Exercise goal: Here is the task for the records below: repeat exactly the lines from the one with "Lemma expectation_sqr : ('E_P[w" to the one with "('E_P[fun t => (c2", both included, and nothing else.

Entries shown:
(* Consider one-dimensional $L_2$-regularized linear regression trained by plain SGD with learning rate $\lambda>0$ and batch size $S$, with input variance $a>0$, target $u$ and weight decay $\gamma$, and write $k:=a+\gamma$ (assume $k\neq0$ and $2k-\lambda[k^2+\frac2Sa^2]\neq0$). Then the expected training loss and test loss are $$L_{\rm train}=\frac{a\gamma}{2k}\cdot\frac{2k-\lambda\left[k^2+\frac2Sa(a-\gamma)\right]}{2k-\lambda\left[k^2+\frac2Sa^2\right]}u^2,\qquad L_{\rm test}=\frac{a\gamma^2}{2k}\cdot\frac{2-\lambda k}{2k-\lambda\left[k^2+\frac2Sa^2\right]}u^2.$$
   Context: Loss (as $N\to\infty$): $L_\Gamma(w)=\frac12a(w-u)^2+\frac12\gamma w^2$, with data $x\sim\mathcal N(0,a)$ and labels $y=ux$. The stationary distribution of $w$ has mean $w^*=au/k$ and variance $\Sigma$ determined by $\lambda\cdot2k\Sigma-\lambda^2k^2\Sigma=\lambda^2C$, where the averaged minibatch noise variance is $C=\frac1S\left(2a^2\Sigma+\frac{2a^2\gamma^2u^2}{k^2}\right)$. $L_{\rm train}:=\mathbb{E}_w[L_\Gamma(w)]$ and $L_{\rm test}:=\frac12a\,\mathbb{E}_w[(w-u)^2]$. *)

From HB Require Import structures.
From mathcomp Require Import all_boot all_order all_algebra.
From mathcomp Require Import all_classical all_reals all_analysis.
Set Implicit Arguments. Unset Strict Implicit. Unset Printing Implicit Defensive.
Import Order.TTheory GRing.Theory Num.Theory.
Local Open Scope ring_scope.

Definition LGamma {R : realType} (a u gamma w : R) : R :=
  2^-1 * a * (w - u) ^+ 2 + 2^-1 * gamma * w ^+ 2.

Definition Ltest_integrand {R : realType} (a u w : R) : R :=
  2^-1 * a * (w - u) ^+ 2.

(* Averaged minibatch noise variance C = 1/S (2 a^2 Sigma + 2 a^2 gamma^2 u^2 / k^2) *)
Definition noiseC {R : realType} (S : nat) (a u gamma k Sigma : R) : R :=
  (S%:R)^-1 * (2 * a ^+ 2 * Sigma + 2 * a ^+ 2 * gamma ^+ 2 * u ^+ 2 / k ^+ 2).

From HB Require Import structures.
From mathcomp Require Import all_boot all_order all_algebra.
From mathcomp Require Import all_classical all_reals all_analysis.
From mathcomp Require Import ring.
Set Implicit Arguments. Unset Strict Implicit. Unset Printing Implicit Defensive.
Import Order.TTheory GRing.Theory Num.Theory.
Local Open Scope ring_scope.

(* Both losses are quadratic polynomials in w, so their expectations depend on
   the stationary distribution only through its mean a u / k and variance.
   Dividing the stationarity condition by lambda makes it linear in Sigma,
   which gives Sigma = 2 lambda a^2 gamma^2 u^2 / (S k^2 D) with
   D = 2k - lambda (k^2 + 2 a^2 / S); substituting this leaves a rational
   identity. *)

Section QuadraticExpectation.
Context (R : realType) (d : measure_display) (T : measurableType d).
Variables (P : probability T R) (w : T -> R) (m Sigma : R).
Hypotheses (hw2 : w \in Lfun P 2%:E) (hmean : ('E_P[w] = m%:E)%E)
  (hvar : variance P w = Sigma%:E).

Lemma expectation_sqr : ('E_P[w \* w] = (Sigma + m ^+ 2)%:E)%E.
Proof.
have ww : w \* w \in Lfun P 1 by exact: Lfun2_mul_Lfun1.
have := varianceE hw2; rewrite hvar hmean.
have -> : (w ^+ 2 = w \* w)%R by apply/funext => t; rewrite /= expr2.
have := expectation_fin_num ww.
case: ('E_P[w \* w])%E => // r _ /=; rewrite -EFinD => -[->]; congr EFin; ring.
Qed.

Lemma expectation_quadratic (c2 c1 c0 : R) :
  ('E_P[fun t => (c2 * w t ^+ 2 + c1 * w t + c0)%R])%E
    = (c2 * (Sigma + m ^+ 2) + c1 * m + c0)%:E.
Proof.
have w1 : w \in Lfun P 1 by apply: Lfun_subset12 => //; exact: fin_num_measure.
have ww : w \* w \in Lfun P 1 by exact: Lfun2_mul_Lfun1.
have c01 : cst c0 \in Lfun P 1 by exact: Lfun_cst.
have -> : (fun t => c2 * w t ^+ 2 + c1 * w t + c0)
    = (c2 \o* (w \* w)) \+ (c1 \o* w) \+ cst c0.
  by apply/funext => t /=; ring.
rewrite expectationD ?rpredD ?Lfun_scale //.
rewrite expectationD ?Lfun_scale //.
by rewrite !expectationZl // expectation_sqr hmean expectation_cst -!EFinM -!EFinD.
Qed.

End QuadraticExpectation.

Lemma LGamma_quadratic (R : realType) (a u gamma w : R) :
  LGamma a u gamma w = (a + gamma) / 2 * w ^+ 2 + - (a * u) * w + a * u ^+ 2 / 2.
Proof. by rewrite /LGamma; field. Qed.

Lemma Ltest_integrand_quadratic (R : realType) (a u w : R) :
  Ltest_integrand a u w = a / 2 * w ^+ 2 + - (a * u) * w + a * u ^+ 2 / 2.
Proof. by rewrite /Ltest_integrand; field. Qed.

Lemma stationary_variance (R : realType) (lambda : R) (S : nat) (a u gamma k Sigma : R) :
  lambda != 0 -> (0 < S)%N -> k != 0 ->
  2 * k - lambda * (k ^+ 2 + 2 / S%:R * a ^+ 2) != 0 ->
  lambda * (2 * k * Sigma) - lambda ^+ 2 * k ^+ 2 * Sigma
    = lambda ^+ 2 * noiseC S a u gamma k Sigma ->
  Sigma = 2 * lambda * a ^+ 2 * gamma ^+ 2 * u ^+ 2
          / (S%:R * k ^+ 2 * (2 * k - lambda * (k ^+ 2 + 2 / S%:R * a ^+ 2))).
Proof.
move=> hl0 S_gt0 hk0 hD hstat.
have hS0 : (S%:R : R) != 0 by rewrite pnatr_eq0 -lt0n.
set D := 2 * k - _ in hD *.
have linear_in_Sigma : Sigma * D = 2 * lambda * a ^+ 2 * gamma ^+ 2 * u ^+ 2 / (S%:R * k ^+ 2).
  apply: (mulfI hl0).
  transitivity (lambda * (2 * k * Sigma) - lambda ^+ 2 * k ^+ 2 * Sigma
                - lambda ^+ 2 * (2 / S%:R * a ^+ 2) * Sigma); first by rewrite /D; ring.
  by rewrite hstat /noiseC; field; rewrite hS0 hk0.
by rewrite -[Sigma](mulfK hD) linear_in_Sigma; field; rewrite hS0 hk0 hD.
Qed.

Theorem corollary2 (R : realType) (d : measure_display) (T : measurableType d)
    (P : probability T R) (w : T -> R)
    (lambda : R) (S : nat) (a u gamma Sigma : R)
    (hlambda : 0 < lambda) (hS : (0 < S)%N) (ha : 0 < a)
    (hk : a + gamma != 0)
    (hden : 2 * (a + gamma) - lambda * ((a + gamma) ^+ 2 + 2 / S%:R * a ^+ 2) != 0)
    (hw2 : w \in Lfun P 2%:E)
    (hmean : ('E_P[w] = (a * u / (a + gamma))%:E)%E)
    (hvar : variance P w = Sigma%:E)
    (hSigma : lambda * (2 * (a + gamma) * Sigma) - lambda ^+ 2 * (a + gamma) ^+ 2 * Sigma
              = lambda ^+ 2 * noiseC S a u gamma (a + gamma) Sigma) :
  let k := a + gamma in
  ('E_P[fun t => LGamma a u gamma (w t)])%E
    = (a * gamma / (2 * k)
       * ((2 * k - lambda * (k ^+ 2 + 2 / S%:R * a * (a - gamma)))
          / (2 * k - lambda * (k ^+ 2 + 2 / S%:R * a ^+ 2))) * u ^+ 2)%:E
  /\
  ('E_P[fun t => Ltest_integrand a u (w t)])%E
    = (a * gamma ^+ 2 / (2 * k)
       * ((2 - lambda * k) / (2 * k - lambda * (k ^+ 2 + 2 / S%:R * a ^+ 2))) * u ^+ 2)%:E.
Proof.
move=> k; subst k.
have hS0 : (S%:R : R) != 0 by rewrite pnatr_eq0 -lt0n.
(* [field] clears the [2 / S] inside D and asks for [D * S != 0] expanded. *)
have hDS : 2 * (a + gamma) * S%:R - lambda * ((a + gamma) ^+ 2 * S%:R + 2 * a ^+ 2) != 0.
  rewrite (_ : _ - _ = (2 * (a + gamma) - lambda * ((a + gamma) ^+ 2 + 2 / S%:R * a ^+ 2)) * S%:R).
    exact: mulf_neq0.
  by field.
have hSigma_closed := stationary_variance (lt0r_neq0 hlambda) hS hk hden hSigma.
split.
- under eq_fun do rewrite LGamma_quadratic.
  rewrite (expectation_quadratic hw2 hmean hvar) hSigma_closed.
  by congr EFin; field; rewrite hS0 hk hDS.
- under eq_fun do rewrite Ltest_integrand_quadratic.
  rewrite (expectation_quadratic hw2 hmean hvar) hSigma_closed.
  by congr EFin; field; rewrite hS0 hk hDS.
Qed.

Reply to the task:
Lemma expectation_sqr : ('E_P[w \* w] = (Sigma + m ^+ 2)%:E)%E.
Proof.
have ww : w \* w \in Lfun P 1 by exact: Lfun2_mul_Lfun1.
have := varianceE hw2; rewrite hvar hmean.
have -> : (w ^+ 2 = w \* w)%R by apply/funext => t; rewrite /= expr2.
have := expectation_fin_num ww.
case: ('E_P[w \* w])%E => // r _ /=; rewrite -EFinD => -[->]; congr EFin; ring.
Qed.

Lemma expectation_quadratic (c2 c1 c0 : R) :
  ('E_P[fun t => (c2 * w t ^+ 2 + c1 * w t + c0)%R])%E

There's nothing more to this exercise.